(Information supplied Opens)

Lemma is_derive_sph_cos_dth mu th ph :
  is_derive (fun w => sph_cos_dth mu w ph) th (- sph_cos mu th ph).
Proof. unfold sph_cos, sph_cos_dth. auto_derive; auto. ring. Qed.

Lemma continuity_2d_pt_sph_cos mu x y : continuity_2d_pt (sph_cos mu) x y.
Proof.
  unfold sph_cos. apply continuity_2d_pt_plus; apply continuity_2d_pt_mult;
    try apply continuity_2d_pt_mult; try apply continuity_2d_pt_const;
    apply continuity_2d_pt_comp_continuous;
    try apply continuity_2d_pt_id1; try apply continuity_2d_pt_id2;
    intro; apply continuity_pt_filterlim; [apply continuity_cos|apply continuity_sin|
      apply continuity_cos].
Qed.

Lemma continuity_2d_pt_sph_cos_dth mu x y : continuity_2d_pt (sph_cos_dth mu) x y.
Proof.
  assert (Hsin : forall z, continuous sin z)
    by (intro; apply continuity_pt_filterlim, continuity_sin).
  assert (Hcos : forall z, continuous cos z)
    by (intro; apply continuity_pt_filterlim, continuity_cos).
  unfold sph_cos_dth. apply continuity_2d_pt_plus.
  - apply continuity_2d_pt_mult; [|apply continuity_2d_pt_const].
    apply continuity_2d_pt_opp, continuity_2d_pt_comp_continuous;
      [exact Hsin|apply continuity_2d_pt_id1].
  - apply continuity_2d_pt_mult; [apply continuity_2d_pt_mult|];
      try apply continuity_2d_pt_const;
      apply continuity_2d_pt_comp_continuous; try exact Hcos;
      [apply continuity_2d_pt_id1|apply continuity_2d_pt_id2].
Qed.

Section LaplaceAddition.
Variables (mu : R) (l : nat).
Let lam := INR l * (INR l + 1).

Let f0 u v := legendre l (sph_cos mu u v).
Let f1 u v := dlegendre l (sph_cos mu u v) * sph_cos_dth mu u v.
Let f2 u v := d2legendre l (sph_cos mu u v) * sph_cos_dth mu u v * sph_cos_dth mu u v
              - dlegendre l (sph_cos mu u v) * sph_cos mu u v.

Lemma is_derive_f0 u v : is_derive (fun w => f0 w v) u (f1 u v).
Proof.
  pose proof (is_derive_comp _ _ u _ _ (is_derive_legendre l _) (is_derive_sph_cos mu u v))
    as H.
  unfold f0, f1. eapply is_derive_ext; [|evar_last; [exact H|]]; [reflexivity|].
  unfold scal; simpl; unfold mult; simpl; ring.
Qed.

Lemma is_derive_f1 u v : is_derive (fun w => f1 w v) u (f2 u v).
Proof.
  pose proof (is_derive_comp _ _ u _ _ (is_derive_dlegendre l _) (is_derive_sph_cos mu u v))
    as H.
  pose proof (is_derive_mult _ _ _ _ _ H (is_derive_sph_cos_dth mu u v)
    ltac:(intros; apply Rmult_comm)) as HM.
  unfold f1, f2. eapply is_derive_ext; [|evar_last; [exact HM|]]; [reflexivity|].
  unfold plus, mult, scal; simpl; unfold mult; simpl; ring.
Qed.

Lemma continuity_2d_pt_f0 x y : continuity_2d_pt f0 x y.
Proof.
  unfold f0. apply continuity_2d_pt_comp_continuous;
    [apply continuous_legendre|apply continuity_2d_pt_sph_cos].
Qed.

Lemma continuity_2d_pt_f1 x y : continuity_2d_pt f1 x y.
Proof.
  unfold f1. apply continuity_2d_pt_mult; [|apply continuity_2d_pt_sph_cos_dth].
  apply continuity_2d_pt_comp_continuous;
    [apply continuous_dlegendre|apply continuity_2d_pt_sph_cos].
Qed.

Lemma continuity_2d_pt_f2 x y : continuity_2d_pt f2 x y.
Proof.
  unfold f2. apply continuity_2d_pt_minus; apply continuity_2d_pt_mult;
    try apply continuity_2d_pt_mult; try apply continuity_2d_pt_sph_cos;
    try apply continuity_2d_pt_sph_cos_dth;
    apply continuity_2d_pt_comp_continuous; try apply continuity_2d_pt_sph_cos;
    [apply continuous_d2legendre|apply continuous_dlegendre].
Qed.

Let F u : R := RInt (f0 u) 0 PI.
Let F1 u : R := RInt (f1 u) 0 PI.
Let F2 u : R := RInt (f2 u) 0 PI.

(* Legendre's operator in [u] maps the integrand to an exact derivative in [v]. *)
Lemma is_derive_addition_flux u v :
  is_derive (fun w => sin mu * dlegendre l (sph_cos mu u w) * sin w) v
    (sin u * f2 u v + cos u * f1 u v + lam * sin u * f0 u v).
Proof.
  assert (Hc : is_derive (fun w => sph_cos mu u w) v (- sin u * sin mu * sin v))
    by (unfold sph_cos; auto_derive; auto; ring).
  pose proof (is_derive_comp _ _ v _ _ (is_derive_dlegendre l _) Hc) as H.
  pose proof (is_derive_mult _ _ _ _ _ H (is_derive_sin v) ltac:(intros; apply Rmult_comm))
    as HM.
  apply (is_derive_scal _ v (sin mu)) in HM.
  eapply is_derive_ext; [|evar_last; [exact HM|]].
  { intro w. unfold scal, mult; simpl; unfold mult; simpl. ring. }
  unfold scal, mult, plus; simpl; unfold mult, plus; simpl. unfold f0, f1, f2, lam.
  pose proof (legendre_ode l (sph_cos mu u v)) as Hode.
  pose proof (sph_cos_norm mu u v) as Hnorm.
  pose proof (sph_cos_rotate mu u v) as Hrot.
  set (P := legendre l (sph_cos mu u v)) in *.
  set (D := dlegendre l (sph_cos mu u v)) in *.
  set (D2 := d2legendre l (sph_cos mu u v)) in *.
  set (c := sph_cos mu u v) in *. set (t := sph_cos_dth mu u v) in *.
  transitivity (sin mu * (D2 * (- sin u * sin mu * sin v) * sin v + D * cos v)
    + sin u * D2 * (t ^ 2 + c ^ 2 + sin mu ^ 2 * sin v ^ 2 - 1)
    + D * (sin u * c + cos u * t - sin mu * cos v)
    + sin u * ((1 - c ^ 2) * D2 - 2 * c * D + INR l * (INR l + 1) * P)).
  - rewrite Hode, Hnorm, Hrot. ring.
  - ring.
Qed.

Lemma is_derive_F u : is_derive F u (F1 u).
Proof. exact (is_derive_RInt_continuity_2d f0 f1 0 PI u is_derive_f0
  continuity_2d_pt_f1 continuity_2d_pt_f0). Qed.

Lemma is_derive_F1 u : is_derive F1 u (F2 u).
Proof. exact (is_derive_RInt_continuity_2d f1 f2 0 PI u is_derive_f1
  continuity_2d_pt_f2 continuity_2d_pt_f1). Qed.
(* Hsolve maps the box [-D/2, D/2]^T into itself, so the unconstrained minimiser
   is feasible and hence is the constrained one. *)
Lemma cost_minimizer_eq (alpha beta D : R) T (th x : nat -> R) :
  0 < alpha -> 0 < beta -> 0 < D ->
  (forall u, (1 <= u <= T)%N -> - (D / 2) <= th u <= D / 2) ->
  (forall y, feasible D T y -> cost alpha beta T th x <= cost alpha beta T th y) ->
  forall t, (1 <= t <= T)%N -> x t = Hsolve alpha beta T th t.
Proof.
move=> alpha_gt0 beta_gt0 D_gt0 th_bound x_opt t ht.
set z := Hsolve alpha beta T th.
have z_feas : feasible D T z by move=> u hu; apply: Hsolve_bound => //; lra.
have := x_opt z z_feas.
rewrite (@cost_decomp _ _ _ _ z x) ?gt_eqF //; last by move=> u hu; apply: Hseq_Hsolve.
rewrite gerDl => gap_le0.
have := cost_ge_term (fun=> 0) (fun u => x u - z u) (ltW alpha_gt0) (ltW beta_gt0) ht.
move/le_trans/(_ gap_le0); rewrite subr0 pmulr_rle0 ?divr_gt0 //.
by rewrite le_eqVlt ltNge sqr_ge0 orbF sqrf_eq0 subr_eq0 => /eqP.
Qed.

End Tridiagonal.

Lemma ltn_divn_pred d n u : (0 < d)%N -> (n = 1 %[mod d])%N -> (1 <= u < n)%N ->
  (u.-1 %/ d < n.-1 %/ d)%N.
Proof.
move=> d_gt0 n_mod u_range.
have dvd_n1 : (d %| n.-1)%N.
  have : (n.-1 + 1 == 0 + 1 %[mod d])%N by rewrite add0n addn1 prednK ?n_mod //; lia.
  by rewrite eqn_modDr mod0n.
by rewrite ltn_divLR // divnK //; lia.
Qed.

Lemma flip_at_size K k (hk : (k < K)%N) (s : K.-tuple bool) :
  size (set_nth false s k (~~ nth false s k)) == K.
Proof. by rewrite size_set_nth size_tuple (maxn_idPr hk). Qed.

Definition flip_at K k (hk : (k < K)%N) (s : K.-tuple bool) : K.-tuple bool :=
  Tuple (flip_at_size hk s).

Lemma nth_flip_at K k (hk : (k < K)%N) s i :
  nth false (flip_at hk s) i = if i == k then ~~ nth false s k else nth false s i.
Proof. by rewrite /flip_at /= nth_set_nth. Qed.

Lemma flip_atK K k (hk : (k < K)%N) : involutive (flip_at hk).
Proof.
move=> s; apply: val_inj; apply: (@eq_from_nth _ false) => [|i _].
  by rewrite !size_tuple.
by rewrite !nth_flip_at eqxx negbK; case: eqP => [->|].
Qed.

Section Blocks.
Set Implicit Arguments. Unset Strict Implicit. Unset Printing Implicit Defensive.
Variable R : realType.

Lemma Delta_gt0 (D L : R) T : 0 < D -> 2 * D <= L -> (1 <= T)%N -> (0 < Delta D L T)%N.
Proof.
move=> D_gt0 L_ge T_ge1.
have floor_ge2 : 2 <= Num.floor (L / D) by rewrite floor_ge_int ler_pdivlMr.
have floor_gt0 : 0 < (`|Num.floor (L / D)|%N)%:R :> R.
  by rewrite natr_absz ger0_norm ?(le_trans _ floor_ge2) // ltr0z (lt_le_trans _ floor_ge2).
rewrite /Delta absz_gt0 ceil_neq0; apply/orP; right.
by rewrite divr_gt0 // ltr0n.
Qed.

(Information supplied Closes)

● **Assignment**: Retype exactly the span of lines from the one with "try apply continuity_2d_pt_id1;" through the one with "Let f0 u v := legendre l (sph_cos mu u v)."; include both ends and omit the rest of the material.

● **Result below**:
    try apply continuity_2d_pt_id1; try apply continuity_2d_pt_id2;
    intro; apply continuity_pt_filterlim; [apply continuity_cos|apply continuity_sin|
      apply continuity_cos].
Qed.

Lemma continuity_2d_pt_sph_cos_dth mu x y : continuity_2d_pt (sph_cos_dth mu) x y.
Proof.
  assert (Hsin : forall z, continuous sin z)
    by (intro; apply continuity_pt_filterlim, continuity_sin).
  assert (Hcos : forall z, continuous cos z)
    by (intro; apply continuity_pt_filterlim, continuity_cos).
  unfold sph_cos_dth. apply continuity_2d_pt_plus.
  - apply continuity_2d_pt_mult; [|apply continuity_2d_pt_const].
    apply continuity_2d_pt_opp, continuity_2d_pt_comp_continuous;
      [exact Hsin|apply continuity_2d_pt_id1].
  - apply continuity_2d_pt_mult; [apply continuity_2d_pt_mult|];
      try apply continuity_2d_pt_const;
      apply continuity_2d_pt_comp_continuous; try exact Hcos;
      [apply continuity_2d_pt_id1|apply continuity_2d_pt_id2].
Qed.

Section LaplaceAddition.
Variables (mu : R) (l : nat).
Let lam := INR l * (INR l + 1).

Let f0 u v := legendre l (sph_cos mu u v).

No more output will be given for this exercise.